Pakistan | Former PM Khan arbitrarily detained, UN experts say

(Geneva) A panel of UN experts considers that the detention of former Pakistani Prime Minister Imran Khan is arbitrary and contrary to international law, calling “immediately” for his release.


In an advisory released Monday, the UN Working Group on Arbitrary Detention expressed concern over the multiple legal cases opened against Mr Khan since he was ousted from power in April 2022.

The same source believes that his deprivation of liberty violates a series of laws and standards and is “arbitrary.”

The task force said it had concluded that Mr Khan’s detention “has no legal basis and appears to have been intended to disqualify him from political office”.

“Therefore, from the outset, these proceedings were not justified in law and appear to have been instrumentalised for political purposes,” the working group added in its opinion, dated 25 March, but only made public on Monday.

The working group, composed of five independent experts whose opinions are not binding on the UN, called on the Pakistani government to “take the necessary measures to remedy Mr Khan’s situation without delay and to bring it into line with relevant international standards.”

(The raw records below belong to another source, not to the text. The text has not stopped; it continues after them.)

(* Dually, arbitrarily large t have h(t) < c t, and t < t_{m+1} transports this
   to the grid point t_{m+1}. *)
Lemma liminf_le : limn_einf g <= mine 0 (limf_einf ratio (pinfty_nbhs R) * b%:E + 1).
Proof.
apply: limn_einf_le_often => a Ha N.
have [a_gt0|a_le0] := ltP 0%R a.
  by exists N => //; apply: (le_trans (g_le0 N)); rewrite lee_fin ltW.
have [c [Lc hc]] := slope_above (above_min0 Ha a_le0).
have [K HK] := ratio_upper a0 b_gt0 hc.
have [N1 HN1] := ln_nat_large K.
have [M HM] := grid_bracket a0 b_gt0 (maxn N N1).
have [t Mt ct] := limf_einf_lt_often Lc (Num.max M 0)%R.
move: Mt; rewrite gt_max => /andP[Mt t0].
have [m [Nm_big m2 tm tm1]] := HM t Mt.
move: Nm_big; rewrite geq_max => /andP[Nm N1m]; exists m.+1; first exact: leqW.
have [m2' Kl] := HN1 m.+1 (leqW N1m).
have hm : h (a0 + p^-1 * ln m.+1%:R) <= (c * t)%:E.
  exact: le_trans (h_nonincr (ltW tm1)) (ratio_lt t0 ct).
apply: le_trans (g_upper m2' hm) _; rewrite lee_fin; apply: HK Kl _.
have step := grid_step a0 b_gt0 (ltnW m2).
have /andP[lo hi] := @slope_shift c (a0 + b * ln m.+1%:R - t)
  ltac:(apply/andP; split; lra).
lra.
Qed.

(* Eventually h(t) > c t, so the lower sandwich bounds g from below. *)
Lemma liminf_ge : mine 0 (limf_einf ratio (pinfty_nbhs R) * b%:E + 1) <= limn_einf g.
Proof.
apply: limn_einf_ge_eventually => a /below_min0 [a_lt0 Ha].
have [c [cL hc]] := slope_below Ha.
have [M HM] := limf_einf_gt_eventually cL.
have [K HK] := ratio_lower a0 b_gt0 a_lt0 hc.
have [N HN] := ln_nat_large (Num.max K ((Num.max M 0 - a0) / b))%R.
exists N => n /HN [n2]; rewrite gt_max => /andP[Kl Ml].
have [tM t0] := grid_large b_gt0 Ml.
apply: le_trans (g_lower n2 (ratio_gt t0 (HM _ tM))); rewrite lee_fin.
apply: HK Kl _.
have : (0 <= `|c| * b)%R by apply: mulr_ge0 => //; exact: ltW.
lra.
Qed.

Theorem transfer_limsup :
  limn_esup g = mine 0 (- ((- limf_esup ratio (pinfty_nbhs R) - p%:E) * (p^-1)%:E)).
Proof. by rewrite limit_exprE; apply/le_anti; rewrite limsup_le limsup_ge. Qed.

Theorem transfer_liminf :
  limn_einf g = mine 0 (- ((- limf_einf ratio (pinfty_nbhs R) - p%:E) * (p^-1)%:E)).
Proof. by rewrite limit_exprE; apply/le_anti; rewrite liminf_le liminf_ge. Qed.

End Transfer.

Section Bernoulli.
Variable R : realType.
Local Open Scope ring_scope.

Lemma one_sub_pow_ge (Q : R) (n : nat) : 0 <= Q <= 1 -> 1 - n%:R * Q <= (1 - Q) ^+ n.
Proof.
move=> /andP[Q0 Q1]; elim: n => [|n IH]; first by rewrite mul0r subr0 expr0.
rewrite exprS -natr1.
have : 0 <= n%:R * Q * Q by rewrite !mulr_ge0.
have Q1' : 0 <= 1 - Q by lra.
have := ler_wpM2l Q1' IH; lra.
Qed.

Lemma one_sub_pow_mul_le (Q : R) (n : nat) : 0 <= Q <= 1 ->
  (1 - Q) ^+ n * (1 + n%:R * Q) <= 1.
Proof.
move=> /andP[Q0 Q1]; elim: n => [|n IH]; first by rewrite mul0r addr0 expr0 mulr1.
rewrite exprS -natr1.
have x0 : 0 <= (1 - Q) ^+ n by apply: exprn_ge0; lra.
have : 0 <= (1 - Q) ^+ n * (n%:R + 1) * (Q * Q).
  by rewrite mulr_ge0 ?mulr_ge0 ?addr_ge0.
nra.
Qed.

Lemma ln_one_sub_pow_le (Q : R) (n : nat) : (1 <= n)%N -> 0 < Q <= 1 ->
  0 < 1 - (1 - Q) ^+ n -> ln (1 - (1 - Q) ^+ n) <= ln n%:R + ln Q.
Proof.
move=> n1 /andP[Q0 Q1] q0; have n0 : 0 < n%:R :> R by rewrite ltr0n.
have := @one_sub_pow_ge Q n ltac:(by rewrite ltW).
by rewrite -lnM ?posrE // => ?; rewrite ler_ln ?posrE ?mulr_gt0 //; lra.
Qed.

Lemma ln_one_sub_pow_ge (Q : R) (n : nat) : (1 <= n)%N -> 0 < Q <= 1 ->
  0 < 1 - (1 - Q) ^+ n /\
  Num.min 0 (ln n%:R + ln Q) - ln 2 <= ln (1 - (1 - Q) ^+ n).
Proof.
move=> n1 /andP[Q0 Q1]; have n0 : 0 < n%:R :> R by rewrite ltr0n.
have := @one_sub_pow_mul_le Q n ltac:(by rewrite ltW).
set y := n%:R * Q; set x := (1 - Q) ^+ n => hb.
have y0 : 0 < y by rewrite mulr_gt0.
have hy : y <= (1 - x) * (1 + y) by lra.
have x1 : 0 < 1 - x by have := mulr_gt0 y0 y0; nra.
split => //; rewrite -lnM ?posrE //.
have [y1|y1] := leP y 1.
- have : ln (y / 2) <= ln (1 - x) by rewrite ler_ln ?posrE ?divr_gt0 //; nra.
  rewrite ln_div ?posrE //.
  have : Num.min 0 (ln y) <= ln y by rewrite ge_min lexx orbT.
  lra.
- have : ln (2^-1) <= ln (1 - x) by rewrite ler_ln ?posrE ?invr_gt0 //; nra.
  rewrite lnV ?posrE //.
  have : Num.min 0 (ln y) <= 0 by rewrite ge_min lexx.
  lra.
Qed.

Lemma elog_EFin (r : R) : elog r%:E = if 0 < r then (ln r)%:E else -oo%E.
Proof. by []. Qed.

Lemma elog_le (r r' : R) : r <= r' -> (elog r%:E <= elog r'%:E)%E.
Proof.
move=> rr; rewrite !elog_EFin; case: ifPn => [r0|_]; last exact: leNye.
by rewrite (lt_le_trans r0 rr) lee_fin ler_ln // posrE (lt_le_trans r0 rr).
Qed.

Lemma normalised_upper (n : nat) (Q C : R) : (2 <= n)%N -> 0 <= Q <= 1 ->
  (elog Q%:E <= C%:E)%E ->
  ((ln n%:R)^-1%:E * elog (1 - (1 - Q) ^+ n)%:E <= (1 + C / ln n%:R)%:E)%E.
Proof.
move=> n2 /andP[Q0 Q1] QC.
have l0 : 0 < ln n%:R :> R by apply: ln_gt0; rewrite ltr1n.
rewrite elog_EFin; case: ifPn => [q0|_]; last first.
  by rewrite gt0_muleNy ?lte_fin ?invr_gt0 // leNye.
have Qp : 0 < Q.
  rewrite lt_neqAle Q0 andbT; apply: contraTneq q0 => <-.
  by rewrite subr0 expr1n subrr ltxx.
move: QC; rewrite elog_EFin Qp lee_fin => QC.
have := ln_one_sub_pow_le (ltnW n2) (ltac:(by rewrite Qp Q1) : 0 < Q <= 1) q0.
rewrite -EFinM lee_fin mulrC ler_pdivrMr // mulrDl divfK ?gt_eqF // mul1r.
lra.
Qed.

Lemma normalised_lower (n : nat) (Q C : R) : (2 <= n)%N -> 0 <= Q <= 1 ->
  (C%:E <= elog Q%:E)%E ->
  ((Num.min 0 (1 + C / ln n%:R) - ln 2 / ln n%:R)%:E <=
    (ln n%:R)^-1%:E * elog (1 - (1 - Q) ^+ n)%:E)%E.
Proof.
move=> n2 /andP[Q0 Q1]; rewrite elog_EFin; case: ifPn => [Qp|]; last by rewrite leeNy_eq.
rewrite lee_fin => CQ.
have l0 : 0 < ln n%:R :> R by apply: ln_gt0; rewrite ltr1n.
have [q0 hq] := ln_one_sub_pow_ge (ltnW n2) (ltac:(by rewrite Qp Q1) : 0 < Q <= 1).
rewrite elog_EFin q0 -EFinM lee_fin [X in _ <= X]mulrC ler_pdivlMr //.
rewrite mulrDl mulNr divfK ?lt0r_neq0 //.
set m := Num.min 0 (1 + C / ln n%:R).
have m0 : m * ln n%:R <= 0 by rewrite pmulr_lle0 // ge_min lexx.
have m1 : m * ln n%:R <= ln n%:R + C.
  have := ler_wpM2r (ltW l0) (_ : m <= 1 + C / ln n%:R).
  by rewrite mulrDl mul1r divfK ?lt0r_neq0 //; apply; rewrite ge_min lexx orbT.
have : m * ln n%:R <= Num.min 0 (ln n%:R + ln Q) by rewrite le_min m0; lra.
lra.
Qed.

End Bernoulli.

Section Probability.
Variables (R : realType) (d : measure_display) (T : measurableType d)
  (P : probability T R) (B : completeNormedModType R) (X : nat -> T -> B).
Hypothesis X_iid : iid P X.

Lemma borel_norm_gt (c : R) : borel_set [set x : B | (c < `|x|)%R].
Proof.
apply: sub_gen_smallest.
apply: (@open_comp _ _ (fun x : B => `|x|%R) [set y : R | (c < y)%R]).
  by move=> x _; exact: norm_continuous.
exact: open_gt.
Qed.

“The appropriate solution would be to release Mr Khan immediately and provide him with enforceable compensation and other remedies, in accordance with international law,” the experts said.

Imran Khan, who was prime minister from 2018 to 2022, has been embroiled in more than 200 legal cases since leaving power – a campaign he says is designed to prevent him from regaining power.

He has been imprisoned since last August and prevented from running in elections.

However, the former cricket star and his wife had their 14-year prison sentence for corruption suspended by a Pakistani high court in April. But the conviction itself remains in place.

In early June, Mr Khan was also acquitted of a treason charge, for which he had been sentenced to 10 years in prison at first instance.

He remains in Adiala prison in the south of the capital Islamabad after being convicted of illegal marriage.

Neither the Interior Ministry nor the Information Ministry could be immediately reached for comment.

Mr Khan’s party, Pakistan Tehreek-e-Insaf (PTI), called the experts’ opinion a “huge victory”.

“It shows beyond any doubt that Imran Khan is innocent and has been illegally imprisoned,” PTI spokesperson Syad Zulfiqar Bukhari said in a statement.